<<<<

Lemma linear_extension (psi : A -> B -> rat) :
  (forall w, finsupp (psi w)) -> (forall k w, psi (actA k w) = gact actB k (psi w)) ->
  exists Psi, is_morph actA actB Psi /\
    forall x t, finsupp x -> NoDup t -> covers t x -> Psi x = lc t x psi.
Proof.
move=> fpsi epsi.
have [T hT] : exists T : (A -> rat) -> list A,
    forall x, finsupp x -> NoDup (T x) /\ covers (T x) x.
  apply: (choice (fun x t => finsupp x -> NoDup t /\ covers t x)) => x.
  case: (classic (finsupp x)) => [/finsupp_nodup [t ht]|nx]; first by exists t.
  by exists nil.
have PsiE x t : finsupp x -> NoDup t -> covers t x -> lc (T x) x psi = lc t x psi.
  move=> fx nt ct; have [n1 c1] := hT x fx; apply: functional_extensionality => u.
  by apply: (sum_indep (x := x)) => // w ->; rewrite mul0r.
exists (fun x => lc (T x) x psi); split; last exact: PsiE.
split; [|split; [|split]].
- by move=> f _; apply: finsupp_lc.
- move=> f1 f2 ff1 ff2 u; have [t [nt [c1 c2]]] := common_cover ff1 ff2.
  rewrite (PsiE _ t (finsupp_add ff1 ff2) nt (covers_add c1 c2)).
  rewrite (PsiE _ t ff1 nt c1) (PsiE _ t ff2 nt c2) /lc /fadd -big_split.
  by apply: eq_bigr => w _; rewrite mulrDl.
- move=> c f ff u; have [n1 c1] := hT f ff.
  rewrite (PsiE _ (T f) (finsupp_scale c ff) n1 (covers_scale (c := c) c1)) /lc /fscale.
  by rewrite mulr_sumr; apply: eq_bigr => w _; rewrite mulrA.
- move=> g f ff u; have [n1 c1] := hT f ff.
  rewrite (PsiE _ (List.map (actA g) (T f)) (finsupp_gact g hA ff)); last first.
  + by move=> w hw; rewrite -(actKV hA g w); apply: in_map; exact: c1.
  + by apply: Injective_map_NoDup => // x y; apply: act_inj.
  by rewrite /lc sum_map /gact; apply: eq_bigr => w _; rewrite actVK // epsi.
Qed.

(* Projectivity: if every value of φ lifts through δ, so does φ itself, by a
   G-map.  Lift each basis vector invariantly, then extend. *)
Lemma lift_morph :
  (forall x, finsupp x -> exists y, finsupp y /\ del y = phi x) ->
  exists psi, is_morph actA actB psi /\ forall x, finsupp x -> del (psi x) = phi x.
Proof.
move=> himg.
have [z hz] : exists z : A -> B -> rat, forall a, finsupp (z a) /\
    del (z a) = phi (dlt a) /\ forall k, stab actA a k -> gact actB k (z a) = z a.
  apply: (choice (fun a z => finsupp z /\ del z = phi (dlt a) /\
    forall k, stab actA a k -> gact actB k z = z)) => a.
  have [y0 [fy0 dy0]] := himg _ (finsupp_dlt a); exact: invariant_preimage fy0 dy0.
have [psi [epsi rpsi]] := equivariant_extension (fun a => proj2 (proj2 (hz a))).
have fpsi w : finsupp (psi w).
  by have [g [v [_ ->]]] := rpsi w; apply: finsupp_gact => //; exact: (proj1 (hz v)).
have dpsi w : del (psi w) = phi (dlt w).
  have [g [v [<- ->]]] := rpsi w; have [fz [dz _]] := hz v.
  by rewrite (mgact hdel) // dz -(mgact hphi _ (finsupp_dlt v)) (gact_dlt _ _ hA).
have [Psi [mPsi ePsi]] := linear_extension fpsi epsi.
exists Psi; split=> // x fx; have [t [nt ct]] := finsupp_nodup fx.
rewrite (ePsi x t fx nt ct) (mlc hdel) // (m_on_basis hphi fx nt ct).
by congr (lc t x _); apply: functional_extensionality.
Qed.

End Lifting.

Section Resolution.
Variables (G : tdlc_group) (n : nat) (Om : nat -> Type).
Variable act : forall i, G -> Om i -> Om i.
Variable d : forall i, (Om i.+1 -> rat) -> (Om i -> rat).
Variable eps : (Om 0%N -> rat) -> rat.
Arguments act : clear implicits. Arguments d : clear implicits.
Hypothesis hR : ppres n act d eps.

Lemma r_proper k : (k <= n.+1)%N -> proper_gset_fin (act k).
Proof. by case: hR => h _; apply: h. Qed.
Lemma r_action k : (k <= n.+1)%N -> is_action (act k).
Proof. by move=> hk; case: (r_proper hk). Qed.
Lemma r_stab_open k : (k <= n.+1)%N -> forall w, gopen (stab (act k) w).
Proof. by move=> hk w; case: (r_proper hk) => _ [h _]; case: (h w). Qed.
Lemma r_stab_compact k : (k <= n.+1)%N -> forall w, compact (@gopen G) (stab (act k) w).
Proof. by move=> hk w; case: (r_proper hk) => _ [h _]; case: (h w). Qed.
Lemma r_morph k : (k <= n)%N -> is_morph (act k.+1) (act k) (d k).
Proof. by case: hR => _ [h _]; apply: h. Qed.
Lemma r_aug : is_aug (act 0%N) eps.
Proof. by case: hR => _ [_ [h _]]. Qed.
Lemma r_surj q : exists x, finsupp x /\ eps x = q.
Proof. by case: hR => _ [_ [_ [h _]]]. Qed.

Lemma ker_im k : (k <= n)%N -> forall x : Om k -> rat, finsupp x ->
  (ker_at d eps x <-> exists y, finsupp y /\ d k y = x).
Proof.
case: hR => _ [_ [_ [_ [h0 hi]]]].
have ext (B : Type) (f1 f2 : B -> rat) : f1 =1 f2 <-> f1 = f2.
  by split=> [|->//]; exact: functional_extensionality.
case: k => [|j] hk x fx /=; [rewrite h0 // | rewrite hi //];
  by split=> -[y [fy /ext e]]; exists y; split=> //; apply/ext.
Qed.

Lemma boundary_cycle k : (k <= n)%N -> forall y, finsupp y -> ker_at d eps (d k y).
Proof.
move=> hk y fy; apply/(ker_im hk); first exact: (mfs (r_morph hk)).
by exists y.
Qed.

Lemma dd0 k : (k < n)%N -> forall y, finsupp y -> d k (d k.+1 y) = @zf _.
Proof.
move=> hk y fy; have := boundary_cycle hk fy => /= h.
by apply: functional_extensionality => w; rewrite h.
Qed.

Lemma lift_boundary k (X : Type) (actX : G -> X -> X) (phi : (X -> rat) -> (Om k -> rat)) :
  (k <= n)%N -> is_action actX -> (forall a, compact (@gopen G) (stab actX a)) ->
  is_morph actX (act k) phi -> (forall x, finsupp x -> ker_at d eps (phi x)) ->
  exists psi, is_morph actX (act k.+1) psi /\ forall x, finsupp x -> d k (psi x) = phi x.
Proof.
move=> hk hX hXc hphi hcyc.
have hk1 : (k.+1 <= n.+1)%N by [].
apply: (lift_morph hX hXc (r_action hk1) (r_stab_open hk1) hphi (r_morph hk)).
by move=> x fx; apply/(ker_im hk (mfs hphi fx)); exact: hcyc.
Qed.

Lemma lift_augmentation (X : Type) (actX : G -> X -> X) (phi : (X -> rat) -> rat) :
  is_action actX -> (forall a, compact (@gopen G) (stab actX a)) -> is_aug actX phi ->
  exists psi, is_morph actX (act 0%N) psi /\ forall x, finsupp x -> eps (psi x) = phi x.
Proof.
move=> hX hXc hphi.
have [|psi [mpsi epsi]] := lift_morph hX hXc (r_action (leq0n n.+1))
  (r_stab_open (leq0n n.+1)) (aug_morph hphi) (aug_morph r_aug).
  move=> x _; have [y [fy ey]] := r_surj (phi x); exists y; split=> //.
  by apply: functional_extensionality => -[]; rewrite /epsu ey.
by exists psi; split=> // x fx; have := epsi x fx => /(congr1 (fun f => f tt)).
Qed.

End Resolution.

Section Comparison.
Variables (G : tdlc_group) (n : nat).
Variables (Om : nat -> Type) (actO : forall i, G -> Om i -> Om i)
  (dO : forall i, (Om i.+1 -> rat) -> (Om i -> rat)) (epsO : (Om 0%N -> rat) -> rat).
Variables (La : nat -> Type) (actL : forall i, G -> La i -> La i)
  (dL : forall i, (La i.+1 -> rat) -> (La i -> rat)) (epsL : (La 0%N -> rat) -> rat).
Arguments actO : clear implicits. Arguments dO : clear implicits.
Arguments actL : clear implicits. Arguments dL : clear implicits.
Hypothesis hO : ppres n actO dO epsO.
Hypothesis hL : ppres n actL dL epsL.

(* Comparison data in degree k: G-maps F : Q[Ω_k] -> Q[Λ_k] and
   H : Q[Λ_k] -> Q[Ω_k] sending boundaries to cycles (so that F ∂ and H δ lift
   one degree up), and a G-map E : Q[Ω_k] -> cycles with E = id - H F on
   cycles (the defect of H F to be corrected by a homotopy). *)
Definition comparison (k : nat) : Prop :=
  exists (F : (Om k -> rat) -> (La k -> rat)) (H : (La k -> rat) -> (Om k -> rat))
    (E : (Om k -> rat) -> (Om k -> rat)),
  is_morph (actO k) (actL k) F /\ is_morph (actL k) (actO k) H /\
  is_morph (actO k) (actO k) E /\
  (forall y, finsupp y -> ker_at dL epsL (F (dO k y))) /\
  (forall y, finsupp y -> ker_at dO epsO (H (dL k y))) /\
  (forall x, finsupp x -> ker_at dO epsO (E x)) /\
  (forall x, finsupp x -> ker_at dO epsO x -> E x = fsub x (H (F x))).

(* Degree 0: F and H lift the augmentations, and E = id - H F. *)
Lemma comparison0 : comparison 0.
Proof.
have l0 : (0 <= n.+1)%N by [].
have [F [mF eF]] := lift_augmentation hL (r_action hO l0) (r_stab_compact hO l0) (r_aug hO).
have [H [mH eH]] := lift_augmentation hO (r_action hL l0) (r_stab_compact hL l0) (r_aug hL).
exists F, H, (fun x => fsub x (H (F x))); do 2!split=> //.
split; first exact: (is_morph_id_sub (is_morph_comp mF mH)).
split; [|split; [|split=> //]].
- move=> y fy /=; rewrite eF; last exact: (mfs (r_morph hO (leq0n n)) fy).
  exact: (boundary_cycle hO (leq0n n) fy).
- move=> y fy /=; rewrite eH; last exact: (mfs (r_morph hL (leq0n n)) fy).
  exact: (boundary_cycle hL (leq0n n) fy).
- move=> x fx /=; have fF := mfs mF fx; have fHF := mfs mH fF.
  have [augD [augZ _]] := r_aug hO.
  rewrite fsubE augD //; last exact: finsupp_scale.
  by rewrite augZ // eH // eF // mulN1r subrr.
Qed.

(* Inductive step: lift F ∂_k, H δ_k and E through the boundaries to get
   F', H' and a homotopy h; then E' = id - H' F' - h ∂_k takes values in
   cycles, since ∂ E' = ∂ - H F ∂ - E ∂ = 0. *)
Lemma comparison_step k : (k < n)%N -> comparison k -> comparison k.+1.
Proof.
move=> hk [F [H [E [mF [mH [mE [cF [cH [cE eE]]]]]]]]].
have hk1 : (k <= n)%N by apply: ltnW.
have hk2 : (k.+1 <= n.+1)%N by [].
have mdO := r_morph hO hk1; have mdL := r_morph hL hk1.
have [F' [mF' eF']] := lift_boundary hL hk1 (r_action hO hk2) (r_stab_compact hO hk2)
  (is_morph_comp mdO mF) cF.
have [H' [mH' eH']] := lift_boundary hO hk1 (r_action hL hk2) (r_stab_compact hL hk2)
  (is_morph_comp mdL mH) cH.
have [h [mh eh]] := lift_boundary hO hk1 (r_action hO (leqW hk1))
  (r_stab_compact hO (leqW hk1)) mE cE.
exists F', H', (fun x => fsub (fsub x (H' (F' x))) (h (dO k x))).
do 2!split=> //.
split; first exact: (is_morph_sub (is_morph_id_sub (is_morph_comp mF' mH')) (is_morph_comp mdO mh)).
split; [|split; [|split]].
- move=> y fy /= w; rewrite eF'; last exact: (mfs (r_morph hO hk) fy).
  by rewrite (dd0 hO hk fy) (m0 mF).
- move=> y fy /= w; rewrite eH'; last exact: (mfs (r_morph hL hk) fy).
  by rewrite (dd0 hL hk fy) (m0 mH).
- move=> x fx /= w.
  have fF := mfs mF' fx; have fHF := mfs mH' fF; have fdx := mfs mdO fx.
  have fh := mfs mh fdx; have fxHF := finsupp_sub fx fHF.
  rewrite !(msub mdO) // eH' // eF' // eh //.
  by rewrite (eE _ fdx (boundary_cycle hO hk1 fx)) /fsub; ring.
- move=> x fx /= hx.
  have -> : dO k x = @zf _ by apply: functional_extensionality => w; rewrite hx.
  by rewrite (m0 mh); apply: functional_extensionality => u; rewrite /fsub /zf subr0.
Qed.

Lemma comparison_all k : (k <= n)%N -> comparison k.
Proof.
elim: k => [|k IH] hk; first exact: comparison0.
by apply: comparison_step => //; apply: IH; apply: ltnW.
Qed.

>>>>

Transcribe the entries above word for word, from the first line through the line containing "apply: (choice (fun x", and nothing else.

Lemma linear_extension (psi : A -> B -> rat) :
  (forall w, finsupp (psi w)) -> (forall k w, psi (actA k w) = gact actB k (psi w)) ->
  exists Psi, is_morph actA actB Psi /\
    forall x t, finsupp x -> NoDup t -> covers t x -> Psi x = lc t x psi.
Proof.
move=> fpsi epsi.
have [T hT] : exists T : (A -> rat) -> list A,
    forall x, finsupp x -> NoDup (T x) /\ covers (T x) x.
  apply: (choice (fun x t => finsupp x -> NoDup t /\ covers t x)) => x.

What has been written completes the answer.